Install and log in by following Mistral's install & setup guide. (I used uv tool install mistral-vibe, then logged in once so credentials land in ~/.vibe/.) The server runs as the same user, so it inherits that login — no API keys to wire up.

2 · Run the server

# on the box that runs `vibe`, reachable on your LAN
uv run vibepod_server.py
# sanity check
curl http://<your-server-ip>:7001/health

Under the hood, each request becomes roughly:

vibe -p "<your question>" \
  --output text # stdout = the answer \
  --trust --workdir <per-speaker dir> \
  --continue # resumes that speaker's thread \
  --max-turns 3

3 · Make it lean

Drop voice.md into ~/.vibe/prompts/, then set these in the systemd unit. This is the difference between 2,321 tokens and 343:

Environment=VIBE_SYSTEM_PROMPT_ID=voice
Environment=VIBE_ACTIVE_MODEL=devstral-small
Environment=VIBE_INCLUDE_PROMPT_DETAIL=false
Environment=VIBE_INCLUDE_PROJECT_CONTEXT=false
Environment=VIBE_INCLUDE_COMMIT_SIGNATURE=false
Environment=VIBEPOD_ENABLED_TOOLS=web_search
Environment=VIBEPOD_MAX_TURNS=3

One nice touch in voice.md: it tells the model to answer from its own training data by default, and only reach for web search if you explicitly say something like "look that up." So casual questions are instant single-turn answers, and you opt into a slower web lookup only when you want one.

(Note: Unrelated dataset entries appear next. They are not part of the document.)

(* Let $X$ be a countable set. (i) If $\mathcal{A}\subseteq\mathcal{P}_\infty(X)$ is hereditary and $\mathcal{A}^\perp$ is bisequential, then $\mathcal{A}$ is an M-family. (ii) If $\mathcal{I}$ is a bisequential ideal on $X$, then $\mathcal{I}^\perp$ is an M-family.
   Context: $\mathcal{P}_\infty(X)$: infinite subsets of $X$. Hereditary: closed under infinite subsets. An ideal on $X$ is a hereditary family of infinite subsets of $X$ closed under finite unions. $\mathcal{A}^\perp=\{B\in\mathcal{P}_\infty(X):B\cap A\text{ finite }\forall A\in\mathcal{A}\}$. An M-family is a hereditary family $\mathcal{A}$ such that for every sequence $(A_n)_n$ in $\mathcal{A}$ there is $A\in\mathcal{A}$ with $A\setminus\bigcup_{i\ge n}A_i$ finite for every $n$. For an ultrafilter $p$ on $X$, $p^*=\{X\setminus A:A\in p\}$. An ideal $\mathcal{I}$ is bisequential if for every ultrafilter $p$ on $X$ with $\mathcal{I}\subseteq p^*$ there is a sequence $(B_n)_n$ in $p^*$ such that every $L\in\mathcal{I}$ satisfies $L\setminus B_n$ finite for some $n$. *)

From Stdlib Require Import List Classical.
Import ListNotations.
Set Implicit Arguments.

Definition countable (X : Type) : Prop :=
  exists f : X -> nat, forall x y, f x = f y -> x = y.

Definition subset {X : Type} (A B : X -> Prop) : Prop := forall x, A x -> B x.

Definition finite {X : Type} (A : X -> Prop) : Prop :=
  exists l : list X, forall x, A x -> In x l.

Definition infinite {X : Type} (A : X -> Prop) : Prop := ~ finite A.

Definition family_of_infinite {X : Type} (F : (X -> Prop) -> Prop) : Prop :=
  forall A, F A -> infinite A.

Definition hereditary {X : Type} (F : (X -> Prop) -> Prop) : Prop :=
  family_of_infinite F /\
  (forall A B, F A -> infinite B -> subset B A -> F B).

Definition ideal {X : Type} (F : (X -> Prop) -> Prop) : Prop :=
  hereditary F /\
  (forall A B, F A -> F B -> F (fun x => A x \/ B x)).

Definition perp {X : Type} (F : (X -> Prop) -> Prop) : (X -> Prop) -> Prop :=
  fun B => infinite B /\ forall A, F A -> finite (fun x => B x /\ A x).

Definition M_family {X : Type} (F : (X -> Prop) -> Prop) : Prop :=
  hereditary F /\
  forall An : nat -> (X -> Prop), (forall n, F (An n)) ->
    exists A, F A /\
      forall n, finite (fun x => A x /\ ~ (exists i, n <= i /\ An i x)).

Definition ultrafilter {X : Type} (p : (X -> Prop) -> Prop) : Prop :=
  p (fun _ => True) /\
  ~ p (fun _ => False) /\
  (forall A B, p A -> subset A B -> p B) /\
  (forall A B, p A -> p B -> p (fun x => A x /\ B x)) /\
  (forall A, p A \/ p (fun x => ~ A x)).

Definition dual_ideal {X : Type} (p : (X -> Prop) -> Prop) : (X -> Prop) -> Prop :=
  fun B => exists A, p A /\ forall x, B x <-> ~ A x.

Definition bisequential {X : Type} (I : (X -> Prop) -> Prop) : Prop :=
  forall p, ultrafilter p -> subset I (dual_ideal p) ->
    exists Bn : nat -> (X -> Prop),
      (forall n, dual_ideal p (Bn n)) /\
      forall L, I L -> exists n, finite (fun x => L x /\ ~ Bn n x).

From Stdlib Require Import List Classical ClassicalEpsilon Arith Lia.
From mathcomp Require filter.

(* Both parts of Proposition 6 follow from one diagonalisation theorem: if I
   is bisequential on a countable X and (C n) is a decreasing sequence of
   sets each containing a member of I^perp, then some D in I^perp is almost
   contained in every C n.  Proof: no C n is I-small (covered by finitely
   many members of I plus a finite set), so the C n and the complements of
   I-small sets generate a proper filter, extended to an ultrafilter p by the
   ultrafilter lemma of mathcomp-classical.  Then I is inside p^* and p is
   free, so bisequentiality gives sets B n in p^*; an infinite
   pseudo-intersection D of the sets (C n minus B n) is the required set.
   Part (ii) takes C n = the n-th tail of the sequence; part (i) applies the
   theorem to I := A^perp (members of A lie in A^perp^perp) and then finds,
   as D is not in A^perp, a member of A with infinite trace on D. *)

Section Diagonal.

Variable X : Type.

Definition almost_subset (A B : X -> Prop) : Prop :=
  finite (fun x => A x /\ ~ B x).

Lemma finite_subset (A B : X -> Prop) : finite B -> subset A B -> finite A.
Proof. intros [l hl] hAB; exists l; auto. Qed.

Lemma finite_union (A B : X -> Prop) :
  finite A -> finite B -> finite (fun x => A x \/ B x).
Proof.
  intros [l hl] [l' hl']; exists (l ++ l').
  intros x [h | h]; apply in_or_app; auto.
Qed.

Lemma finite_empty : finite (fun _ : X => False).
Proof. exists nil; intros x []. Qed.

Lemma finite_prefix (x : nat -> X) (n : nat) :
  finite (fun y => exists m, m < n /\ y = x m).
Proof.
  exists (map x (seq 0 n)); intros y [m [hm ->]].
  apply in_map, in_seq; lia.
Qed.

Lemma finite_below (f : X -> nat) :
  (forall x y, f x = f y -> x = y) -> forall n, finite (fun x => f x < n).
Proof.
  intros finj n; induction n as [| n [l hl]].
  - exists nil; intros x h; lia.
  - destruct (classic (exists y, f y = n)) as [[y hy] | hn].
    + exists (y :: l); intros x hx.
      destruct (Nat.eq_dec (f x) n) as [e | e].
      * left; symmetry; apply finj; congruence.
      * right; apply hl; lia.
    + exists l; intros x hx; apply hl.
      destruct (Nat.eq_dec (f x) n) as [e | e]; [exfalso; eauto | lia].
Qed.

Lemma range_infinite (f : X -> nat) (x : nat -> X) :
  (forall n, n <= f (x n)) -> infinite (fun y => exists m, y = x m).
Proof.
  intros hx [l hl].
  assert (bound : exists M, forall y, In y l -> f y < M).
  { clear hl; induction l as [| a l [M hM]].
    - exists 0; intros y [].
    - exists (S (M + f a)); intros y [<- | h]; [lia |].
      specialize (hM y h); lia. }
  destruct bound as [M hM].
  specialize (hM (x M) (hl (x M) (ex_intro _ M eq_refl))).
  specialize (hx M); lia.
Qed.

Lemma ultrafilter_extension (F : (X -> Prop) -> Prop) :
  F (fun _ => True) -> ~ F (fun _ => False) ->
  (forall A B, F A -> subset A B -> F B) ->
  (forall A B, F A -> F B -> F (fun x => A x /\ B x)) ->
  exists p, ultrafilter p /\ forall S, F S -> p S.
Proof.
  intros hT h0 hS hI.
  assert (proper : filter.ProperFilter F).
  { constructor; [exact h0 |]. constructor; [exact hT | exact hI |].
    intros A B hAB hA; exact (hS A B hA hAB). }
  destruct (filter.ultraFilterLemma proper) as [p [up hFp]].
  exists p; split; [| exact hFp].
  pose proof (@filter.ultra_proper _ _ up) as pp.
  repeat split.
  - exact filter.filterT.
  - exact (filter.filter_not_empty p).
  - intros A B hA hAB; exact (filter.filterS hAB hA).
  - intros A B hA hB; exact (filter.filterI hA hB).
  - intros A; exact (filter.in_ultra_setVsetC A up).
Qed.

Lemma ultrafilter_nonempty (p : (X -> Prop) -> Prop) (S : X -> Prop) :
  ultrafilter p -> p S -> exists x, S x.
Proof.
  intros [_ [h0 [hS _]]] hp; apply NNPP; intro hn.
  apply h0, (hS S); [exact hp |]. intros x hx; apply hn; eauto.
Qed.

Lemma ultrafilter_initial_meet (p : (X -> Prop) -> Prop) (T : nat -> X -> Prop) :
  ultrafilter p -> (forall n, p (T n)) ->
  forall n, p (fun x => forall k, k <= n -> T k x).
Proof.
  intros [_ [_ [hS [hI _]]]] hT n; induction n as [| n IH].
  - apply (hS (T 0)); [exact (hT 0) |].
    intros y hy k hk; replace k with 0 by lia; exact hy.
  - apply (hS _ _ (hI _ _ IH (hT (S n)))); intros y [h1 h2] k hk.
    destruct (Nat.eq_dec k (S n)) as [-> | e]; [exact h2 | apply h1; lia].
Qed.

Lemma dual_ideal_complement (p : (X -> Prop) -> Prop) (B : X -> Prop) :
  ultrafilter p -> dual_ideal p B -> p (fun x => ~ B x).
Proof.
  intros [_ [_ [hS _]]] [A [hA hB]].
  apply (hS A); [exact hA |]. intros x hx hBx; exact (proj1 (hB x) hBx hx).
Qed.

(* Take [x n] in the first [n+1] members with
   [f (x n) >= n]; their range works. *)
Lemma pseudo_intersection (f : X -> nat) (p : (X -> Prop) -> Prop)
  (T : nat -> X -> Prop) :
  (forall x y, f x = f y -> x = y) -> ultrafilter p ->
  (forall E, finite E -> p (fun x => ~ E x)) -> (forall n, p (T n)) ->
  exists D, infinite D /\ forall n, almost_subset D (T n).
Proof.
  intros finj hp hcof hT.
  assert (pick : forall n, exists y, (forall k, k <= n -> T k y) /\ n <= f y).
  { intros n.
    pose proof hp as [_ [_ [_ [hI _]]]].
    destruct (ultrafilter_nonempty p _ hp
                (hI _ _ (ultrafilter_initial_meet p T hp hT n)
                    (hcof _ (finite_below f finj n)))) as [y [hy hfy]].
    exists y; split; [exact hy | lia]. }
  destruct (choice _ pick) as [x hx].
  exists (fun y => exists m, y = x m); split.
  - apply (range_infinite f); intros n; exact (proj2 (hx n)).
  - intros n; apply (finite_subset _ _ (finite_prefix x n)).
    intros y [[m ->] hm]; exists m; split; [| reflexivity].
    destruct (Nat.lt_ge_cases m n) as [l | l]; [exact l |].
    exfalso; apply hm, (proj1 (hx m)); exact l.
Qed.

Variable I : (X -> Prop) -> Prop.

(* The ideal generated by [I] and the finite sets: the sets covered by
   finitely many members of [I] and a finite set. *)
Inductive small : (X -> Prop) -> Prop :=
  | small_finite E : finite E -> small E
  | small_member L : I L -> small L
  | small_union K K' : small K -> small K' -> small (fun x => K x \/ K' x)
  | small_subset K K' : small K' -> subset K K' -> small K.

Lemma perp_small_finite (Y K : X -> Prop) :
  perp I Y -> small K -> finite (fun x => Y x /\ K x).
Proof.
  intros [_ hY] hK; induction hK as [E hE | L hL | K K' _ IH _ IH' | K K' _ IH hKK'].
  - apply (finite_subset _ _ hE); intros x [_ h]; exact h.
  - exact (hY L hL).
  - apply (finite_subset _ _ (finite_union _ _ IH IH')); intros x [h [h' | h']]; auto.
  - apply (finite_subset _ _ IH); intros x [h h']; auto.
Qed.

Section Avoiding.

Variable C : nat -> X -> Prop.
Hypothesis C_decreasing : forall n m x, n <= m -> C m x -> C n x.
Hypothesis C_perp : forall n, exists Y, perp I Y /\ subset Y (C n).

Lemma C_not_small (n : nat) : ~ small (C n).
Proof.
  intros hsmall; destruct (C_perp n) as [Y [hY hYC]].
  apply (proj1 hY), (finite_subset _ _ (perp_small_finite Y _ hY hsmall)).
  intros x hx; auto.
Qed.

(* An ultrafilter containing every [C n] and no small set: it extends the
   filter of sets [S] such that [C n \ S] is small for some [n]. *)
Lemma ultrafilter_avoiding_small :
  exists p, ultrafilter p /\ (forall n, p (C n)) /\
            (forall K, small K -> p (fun x => ~ K x)).
Proof.
  set (F := fun S => exists n, small (fun x => C n x /\ ~ S x)).
  assert (hempty : forall n S, (forall x, C n x -> S x) -> F S).
  { intros n S hS; exists n; apply (small_subset _ _ (small_finite _ finite_empty)).
    intros x [h h']; exact (h' (hS x h)). }
  assert (F_top : F (fun _ => True)) by (apply (hempty 0); auto).
  assert (F_proper : ~ F (fun _ => False)).
  { intros [n hn]; apply (C_not_small n), (small_subset _ _ hn).
    intros x hx; split; auto. }
  assert (F_up : forall A B, F A -> subset A B -> F B).
  { intros A B [n hn] hAB; exists n; apply (small_subset _ _ hn).
    intros x [h h']; split; auto. }
  assert (F_meet : forall A B, F A -> F B -> F (fun x => A x /\ B x)).
  { intros A B [n hn] [m hm]; exists (max n m).
    apply (small_subset _ _ (small_union _ _ hn hm)); intros x [h h'].
    apply not_and_or in h' as [h' | h']; [left | right];
      split; auto; apply (C_decreasing _ (max n m)); auto; lia. }
  destruct (ultrafilter_extension F F_top F_proper F_up F_meet) as [p [hp hFp]].
  exists p; split; [exact hp | split].
  - intros n; apply hFp, (hempty n); auto.
  - intros K hK; apply hFp; exists 0; apply (small_subset _ _ hK).
    intros x [_ h]; apply NNPP; exact h.
Qed.

Hypothesis X_countable : countable X.
Hypothesis I_bisequential : bisequential I.

Theorem bisequential_diagonal :
  exists D, perp I D /\ forall n, almost_subset D (C n).
Proof.
  destruct ultrafilter_avoiding_small as [p [hp [hpC hpsmall]]].
  assert (I_dual : subset I (dual_ideal p)).
  { intros L hL; exists (fun x => ~ L x); split.
    - exact (hpsmall L (small_member L hL)).
    - intros x; split; [auto | apply NNPP]. }
  destruct (I_bisequential p hp I_dual) as [B [hB hcover]].
  set (T := fun n x => C n x /\ ~ B n x).
  destruct X_countable as [f finj].
  destruct (pseudo_intersection f p T finj hp) as [D [hDinf hDT]].
  - intros E hE; exact (hpsmall E (small_finite E hE)).
  - intros n; pose proof hp as [_ [_ [_ [hI _]]]].
    exact (hI _ _ (hpC n) (dual_ideal_complement p (B n) hp (hB n))).
  - exists D; split; [split; [exact hDinf |] |].
    + intros L hL; destruct (hcover L hL) as [n hn].
      apply (finite_subset _ _ (finite_union _ _ hn (hDT n))).
      intros x [hD hL']; destruct (classic (B n x)) as [h | h]; [right | left]; auto.
      split; [exact hD |]; intros [_ h']; exact (h' h).
    + intros n; apply (finite_subset _ _ (hDT n)).
      intros x [hD h]; split; [exact hD |]; intros [h' _]; exact (h h').
Qed.

End Avoiding.

End Diagonal.

Definition tail {X : Type} (An : nat -> X -> Prop) (n : nat) : X -> Prop :=
  fun x => exists i, n <= i /\ An i x.

Lemma tail_decreasing {X : Type} (An : nat -> X -> Prop) :
  forall n m x, n <= m -> tail An m x -> tail An n x.
Proof. intros n m x h [i [hi hx]]; exists i; split; [lia | exact hx]. Qed.

Lemma perp_hereditary {X : Type} (F : (X -> Prop) -> Prop) :
  hereditary (perp F).
Proof.
  split; [intros L [h _]; exact h |].
  intros A B [_ hA] hB hBA; split; [exact hB |]; intros K hK.
  apply (finite_subset _ _ _ (hA K hK)); intros x [h h']; auto.
Qed.

Lemma in_perp_perp {X : Type} (F : (X -> Prop) -> Prop) (Y : X -> Prop) :
  family_of_infinite F -> F Y -> perp (perp F) Y.
Proof.
  intros hF hY; split; [exact (hF Y hY) |].
  intros L [_ hL]; apply (finite_subset _ _ _ (hL Y hY)); intros x [h h']; auto.
Qed.

(* An infinite set not in [F^perp] has an infinite trace on some member of
   [F]: this is where an element of an M-family is found in part (i). *)
Lemma not_perp_witness {X : Type} (F : (X -> Prop) -> Prop) (D : X -> Prop) :
  infinite D -> ~ perp F D -> exists A, F A /\ infinite (fun x => D x /\ A x).
Proof.
  intros hD hn; apply NNPP; intro hno; apply hn; split; [exact hD |].
  intros A hA; apply NNPP; intro hinf; apply hno; eauto.
Qed.

Lemma perp_perp_not_perp {X : Type} (F : (X -> Prop) -> Prop) (D : X -> Prop) :
  perp (perp F) D -> ~ perp F D.
Proof.
  intros [hD hDD] hpD; apply hD, (finite_subset _ _ _ (hDD D hpD)); intros x hx; split; exact hx.
Qed.

Theorem proposition6 (X : Type) (HX : countable X) :
  (forall A : (X -> Prop) -> Prop,
      hereditary A -> bisequential (perp A) -> M_family A) /\
  (forall I : (X -> Prop) -> Prop,
      ideal I -> bisequential I -> M_family (perp I)).
Proof.
  split.
  - intros A hA hbis; split; [exact hA |]; intros An hAn.
    assert (tails_perp : forall n, exists Y, perp (perp A) Y /\ subset Y (tail An n)).
    { intros n; exists (An n); split.
      - exact (in_perp_perp A (An n) (proj1 hA) (hAn n)).
      - intros x hx; exists n; auto. }
    destruct (bisequential_diagonal X (perp A) (tail An) (tail_decreasing An)
                tails_perp HX hbis) as [D [hD hDtail]].
    destruct (not_perp_witness A D (proj1 hD) (perp_perp_not_perp A D hD))
      as [A0 [hA0 hinf]].
    exists (fun x => D x /\ A0 x); split.
    + apply (proj2 hA A0); [exact hA0 | exact hinf | intros x [_ h]; exact h].
    + intros n; apply (finite_subset _ _ _ (hDtail n)); intros x [[h _] h']; auto.
  - intros I _ hbis; split; [exact (perp_hereditary I) |]; intros An hAn.
    assert (tails_perp : forall n, exists Y, perp I Y /\ subset Y (tail An n)).
    { intros n; exists (An n); split; [exact (hAn n) | intros x hx; exists n; auto]. }
    exact (bisequential_diagonal X I (tail An) (tail_decreasing An) tails_perp HX hbis).
Qed.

Full file and a per-line walkthrough are in the repo's README.

06Was it worth it?

For the cost of an afternoon: yup. It turns a device I already own into one more way to reach a capable assistant. Useful when sitting on a couch watching a show and you have a question about an actor or a bit of trivia, etc.

Alexis put it well in his post, and I agree: this clearly feels like the future, it just hasn't fully shipped yet. You can see the shape of it. Strong world knowledge, cheap inference, voice in and voice out, on hardware that's already on your shelf. Today it's a Rube Goldberg machine of shortcuts and proxies. Eventually it'll just be how the speaker works.

Until then — VibePod. Built in an afternoon, costs nothing to run, and my barely-used Vibe subscription finally earns its keep.